And then trained the model using some random data,


x = np.random.randint(0, 90, size=(10, 45))
y = np.random.normal(size=(10, 45, 50))
history = autoencoder.fit(x, y, epochs=NUM_EPOCHS)

This solution worked fine. I feel like the issue might be the way you are feeding in labels/outputs for MSE calculation.

Update

Context

In the original problem, you are attempting to reconstruct word embeddings using a seq2seq model, where embeddings are fixed and pre-trained. However you want to use a trainable embedding layer as a part of the model it becomes very difficult to model this problem. Because you don't have fixed targets (i.e. targets change every single iteration of the optimization because your embedding layer is changing). Furthermore this will lead to a very unstable optimization problem, because the targets are changing all the time.

Fixing your code

If you do the following you should be able to get the code working. Here embeddings is the pre-trained GloVe vector numpy.ndarray.

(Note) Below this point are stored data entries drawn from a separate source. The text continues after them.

(* For all types $A$, $B$, $C$: if $A \equiv C$, $C \equiv B$, $A \simeq C$ and $C \simeq B$, then $A \simeq B$.
   Context: Types and rows share one grammar: $A,B,C,\rho ::= X \mid \alpha \mid \star \mid \iota \mid A\to B \mid \forall X{:}K.\,A \mid [\rho] \mid \langle\rho\rangle \mid \cdot \mid \ell{:}A;\rho$, where $X$ ranges over type variables (bound by $\forall$), $\alpha$ over type names, $\star$ is the dynamic type (also serving as the dynamic row), $\iota$ over base types, $[\rho]$ and $\langle\rho\rangle$ are record and variant types, $\cdot$ is the empty row, $\ell$ ranges over labels, and $K\in\{\mathsf T,\mathsf R\}$ is a kind. Types are identified up to renaming of bound variables; $\mathit{ftv}(A)$ is the set of free type variables. Row matching $\rho \triangleright_\ell A,\rho'$ is defined by: $(\ell{:}A;\rho)\triangleright_\ell A,\rho$; if $\ell'\neq\ell$ and $\rho\triangleright_\ell A,\rho'$ then $(\ell'{:}B;\rho)\triangleright_\ell A,(\ell'{:}B;\rho')$; and $\star\triangleright_\ell \star,\star$. $\mathbf{QPoly}(A)$ holds iff $A$ is not of the form $\forall X{:}K.\,B$ and $\star$ occurs in $A$. Type equivalence $\equiv$ is the least equivalence relation that is a congruence for $\to$, $\forall X{:}K.\,-$, $[-]$, $\langle-\rangle$ and $\ell{:}-;-$, and contains $\ell{:}A;\ell'{:}B;\rho \equiv \ell'{:}B;\ell{:}A;\rho$ whenever $\ell\neq\ell'$. Consistency $\simeq$ is defined inductively: $A\simeq A$; $\star\simeq A$; $A\simeq\star$; $A_1\to A_2\simeq B_1\to B_2$ if $A_1\simeq B_1$ and $A_2\simeq B_2$; $\forall X{:}K.A\simeq\forall X{:}K.B$ if $A\simeq B$; $\forall X{:}K.A\simeq B$ if $\mathbf{QPoly}(B)$, $X\notin\mathit{ftv}(B)$ and $A\simeq B$; $A\simeq\forall X{:}K.B$ if $\mathbf{QPoly}(A)$, $X\notin\mathit{ftv}(A)$ and $A\simeq B$; $[\rho_1]\simeq[\rho_2]$ and $\langle\rho_1\rangle\simeq\langle\rho_2\rangle$ if $\rho_1\simeq\rho_2$; $\ell{:}A;\rho_1\simeq B$ if $B\triangleright_\ell B',\rho_2$, $A\simeq B'$ and $\rho_1\simeq\rho_2$; $A\simeq \ell{:}B;\rho_2$ if $A\triangleright_\ell A',\rho_1$, $A'\simeq B$ and $\rho_1\simeq\rho_2$. *)

From Stdlib Require Import Arith.

Inductive kind : Type := KT | KR.

Definition label := nat.
Definition tyname := nat.
Definition basety := nat.

(* A,B,C,rho ::= X | alpha | * | iota | A -> B | forall X:K. A | [rho] | <rho> | . | l:A;rho
   Type variables X are de Bruijn indices (types identified up to alpha). *)
Inductive ty : Type :=
  | TVar (n : nat)
  | TName (a : tyname)
  | TDyn
  | TBase (i : basety)
  | TArr (A B : ty)
  | TAll (K : kind) (A : ty)
  | TRec (r : ty)
  | TVariant (r : ty)
  | REmpty
  | RExt (l : label) (A : ty) (r : ty).

Fixpoint shift (c : nat) (t : ty) : ty :=
  match t with
  | TVar n => if n <? c then TVar n else TVar (S n)
  | TName a => TName a
  | TDyn => TDyn
  | TBase i => TBase i
  | TArr A B => TArr (shift c A) (shift c B)
  | TAll K A => TAll K (shift (S c) A)
  | TRec r => TRec (shift c r)
  | TVariant r => TVariant (shift c r)
  | REmpty => REmpty
  | RExt l A r => RExt l (shift c A) (shift c r)
  end.

Inductive rmatch : ty -> label -> ty -> ty -> Prop :=
  | rm_head : forall l A r, rmatch (RExt l A r) l A r
  | rm_tail : forall l l' A B r r',
      l' <> l -> rmatch r l A r' -> rmatch (RExt l' B r) l A (RExt l' B r')
  | rm_dyn : forall l, rmatch TDyn l TDyn TDyn.

Fixpoint dyn_occurs (t : ty) : Prop :=
  match t with
  | TVar _ | TName _ | TBase _ | REmpty => False
  | TDyn => True
  | TArr A B => dyn_occurs A \/ dyn_occurs B
  | TAll _ A => dyn_occurs A
  | TRec r | TVariant r => dyn_occurs r
  | RExt _ A r => dyn_occurs A \/ dyn_occurs r
  end.

Definition QPoly (A : ty) : Prop :=
  (~ exists K B, A = TAll K B) /\ dyn_occurs A.

Inductive tyequiv : ty -> ty -> Prop :=
  | eq_refl' : forall A, tyequiv A A
  | eq_sym' : forall A B, tyequiv A B -> tyequiv B A
  | eq_trans' : forall A B C, tyequiv A B -> tyequiv B C -> tyequiv A C
  | eq_arr : forall A1 A2 B1 B2,
      tyequiv A1 B1 -> tyequiv A2 B2 -> tyequiv (TArr A1 A2) (TArr B1 B2)
  | eq_all : forall K A B, tyequiv A B -> tyequiv (TAll K A) (TAll K B)
  | eq_rec : forall r1 r2, tyequiv r1 r2 -> tyequiv (TRec r1) (TRec r2)
  | eq_variant : forall r1 r2, tyequiv r1 r2 -> tyequiv (TVariant r1) (TVariant r2)
  | eq_ext : forall l A B r1 r2,
      tyequiv A B -> tyequiv r1 r2 -> tyequiv (RExt l A r1) (RExt l B r2)
  | eq_swap : forall l l' A B r,
      l <> l' -> tyequiv (RExt l A (RExt l' B r)) (RExt l' B (RExt l A r)).

(* consistency.  The side condition X notin ftv(B) for  forall X:K.A ~ B
   is rendered in de Bruijn form by comparing A with (shift 0 B). *)
Inductive consistent : ty -> ty -> Prop :=
  | c_refl : forall A, consistent A A
  | c_dynl : forall A, consistent TDyn A
  | c_dynr : forall A, consistent A TDyn
  | c_arr : forall A1 A2 B1 B2,
      consistent A1 B1 -> consistent A2 B2 -> consistent (TArr A1 A2) (TArr B1 B2)
  | c_all : forall K A B, consistent A B -> consistent (TAll K A) (TAll K B)
  | c_alll : forall K A B, QPoly B -> consistent A (shift 0 B) -> consistent (TAll K A) B
  | c_allr : forall K A B, QPoly A -> consistent (shift 0 A) B -> consistent A (TAll K B)
  | c_rec : forall r1 r2, consistent r1 r2 -> consistent (TRec r1) (TRec r2)
  | c_variant : forall r1 r2, consistent r1 r2 -> consistent (TVariant r1) (TVariant r2)
  | c_extl : forall l A r1 B B' r2,
      rmatch B l B' r2 -> consistent A B' -> consistent r1 r2 ->
      consistent (RExt l A r1) B
  | c_extr : forall l A A' r1 B r2,
      rmatch A l A' r1 -> consistent A' B -> consistent r1 r2 ->
      consistent A (RExt l B r2).

(* Type equivalence is contained in consistency, so A ≡ C ≡ B alone gives
   A ≃ B.  Consistency is not
   transitive, so the inclusion cannot be proved by induction on ≡ directly.
   Instead we characterize ≡ syntactically: a row ℓ:A;ρ is equivalent to any
   row from which a field ℓ:A' can be extracted, leaving a remainder ρ', with
   A ≡ A' and ρ ≡ ρ'.  This relation is transitive (extractions of distinct
   labels commute), symmetric, contains the swap axiom, and each of its rules
   is an instance of a consistency rule. *)

Inductive rsplit : ty -> label -> ty -> ty -> Prop :=
  | rsplit_head : forall l A r, rsplit (RExt l A r) l A r
  | rsplit_tail : forall l l' A B r r',
      l' <> l -> rsplit r l A r' -> rsplit (RExt l' B r) l A (RExt l' B r').

Inductive perm_equiv : ty -> ty -> Prop :=
  | pe_var : forall n, perm_equiv (TVar n) (TVar n)
  | pe_name : forall a, perm_equiv (TName a) (TName a)
  | pe_dyn : perm_equiv TDyn TDyn
  | pe_base : forall i, perm_equiv (TBase i) (TBase i)
  | pe_empty : perm_equiv REmpty REmpty
  | pe_arr : forall A1 A2 B1 B2,
      perm_equiv A1 B1 -> perm_equiv A2 B2 -> perm_equiv (TArr A1 A2) (TArr B1 B2)
  | pe_all : forall K A B, perm_equiv A B -> perm_equiv (TAll K A) (TAll K B)
  | pe_rec : forall r1 r2, perm_equiv r1 r2 -> perm_equiv (TRec r1) (TRec r2)
  | pe_variant : forall r1 r2,
      perm_equiv r1 r2 -> perm_equiv (TVariant r1) (TVariant r2)
  | pe_ext : forall l A r Y A' r',
      rsplit Y l A' r' -> perm_equiv A A' -> perm_equiv r r' ->
      perm_equiv (RExt l A r) Y.

#[local] Hint Constructors rsplit perm_equiv rmatch consistent : core.

Lemma rsplit_rmatch : forall r l A r', rsplit r l A r' -> rmatch r l A r'.
Proof. induction 1; eauto. Qed.

Lemma perm_equiv_consistent : forall A B, perm_equiv A B -> consistent A B.
Proof. induction 1; eauto using rsplit_rmatch. Qed.

Lemma perm_equiv_refl : forall A, perm_equiv A A.
Proof. induction A; eauto. Qed.

Lemma rsplit_comm : forall r l0 B r0, rsplit r l0 B r0 ->
  forall l A r1, l0 <> l -> rsplit r0 l A r1 ->
  exists r', rsplit r l A r' /\ rsplit r' l0 B r1.
Proof.
  induction 1 as [| l0' l0 B0 B r r0 Hne0 Hsplit IH];
    intros l1 A1 r1 Hne Hsplit1.
  - eauto.
  - inversion Hsplit1 as [| ? ? ? ? ? r1' Hne1 Hsplit0]; subst.
    + eauto.
    + destruct (IH _ _ _ Hne Hsplit0) as (r' & H1 & H2).
      exists (RExt l0 B r'). eauto.
Qed.

Lemma perm_equiv_rsplit : forall r l A r', rsplit r l A r' ->
  forall s, perm_equiv r s ->
  exists A' s', rsplit s l A' s' /\ perm_equiv A A' /\ perm_equiv r' s'.
Proof.
  induction 1 as [| l l' A B r r' Hne Hsplit IH]; intros s Hs;
    inversion Hs as [| | | | | | | | | l0 B0 r0 s0 B' s1 Hs0 HB Hr]; subst.
  - eauto.
  - destruct (IH _ Hr) as (A' & s2 & Hs2 & HA & Hr2).
    destruct (rsplit_comm _ _ _ _ Hs0 _ _ _ Hne Hs2) as (s' & H1 & H2).
    exists A', s'. eauto.
Qed.

Lemma perm_equiv_trans : forall A B C,
  perm_equiv A B -> perm_equiv B C -> perm_equiv A C.
Proof.
  intros A B C HAB; revert C.
  induction HAB as [| | | | | | | | | l A r Y A' r' Hsplit _ IHA _ IHr];
    intros C HBC; try (inversion HBC; subst; eauto; fail).
  destruct (perm_equiv_rsplit _ _ _ _ Hsplit _ HBC) as (A2 & r2 & Hs & HA & Hr).
  exact (pe_ext _ _ _ _ _ _ Hs (IHA _ HA) (IHr _ Hr)).
Qed.

Lemma rsplit_perm_equiv_ext : forall r l A' r', rsplit r l A' r' ->
  forall A s, perm_equiv A' A -> perm_equiv r' s -> perm_equiv r (RExt l A s).
Proof.
  induction 1; intros A0 s Ha Hr.
  - eauto.
  - inversion Hr; subst. eauto.
Qed.

Lemma perm_equiv_sym : forall A B, perm_equiv A B -> perm_equiv B A.
Proof. induction 1; eauto using rsplit_perm_equiv_ext. Qed.

Lemma perm_equiv_swap : forall l l' A B r, l <> l' ->
  perm_equiv (RExt l A (RExt l' B r)) (RExt l' B (RExt l A r)).
Proof.
  intros l l' A B r Hne.
  apply pe_ext with A (RExt l' B r); auto using perm_equiv_refl.
Qed.

Lemma tyequiv_perm_equiv : forall A B, tyequiv A B -> perm_equiv A B.
Proof.
  induction 1;
    eauto using perm_equiv_refl, perm_equiv_sym, perm_equiv_trans, perm_equiv_swap.
Qed.

Lemma tyequiv_consistent : forall A B, tyequiv A B -> consistent A B.
Proof. intros A B H. apply perm_equiv_consistent, tyequiv_perm_equiv, H. Qed.

Theorem mainTheorem6 : forall A B C : ty,
  tyequiv A C -> tyequiv C B -> consistent A C -> consistent C B ->
  consistent A B.
Proof.
  intros A B C HAC HCB _ _.
  apply tyequiv_consistent, eq_trans' with C; assumption.
Qed.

def sentence_generator(X, embeddings, batch_size):
    while True:
        # loop once per epoch
        num_recs = X.shape[0]
        embed_size = embeddings.shape[1]
        indices = np.random.permutation(np.arange(num_recs))
        # print(embeddings.shape)
        num_batches = num_recs // batch_size
        for bid in range(num_batches):
            sids = indices[bid * batch_size : (bid + 1) * batch_size]
            # Xbatch is a [batch_size, seq_length] array
            Xbatch = X[sids, :] 

            # Creating the Y targets
            Xembed = embeddings[Xbatch.reshape(-1),:]
            # Ybatch will be [batch_size, seq_length, embed_size] array
            Ybatch = Xembed.reshape(batch_size, -1, embed_size)
            yield Xbatch, Ybatch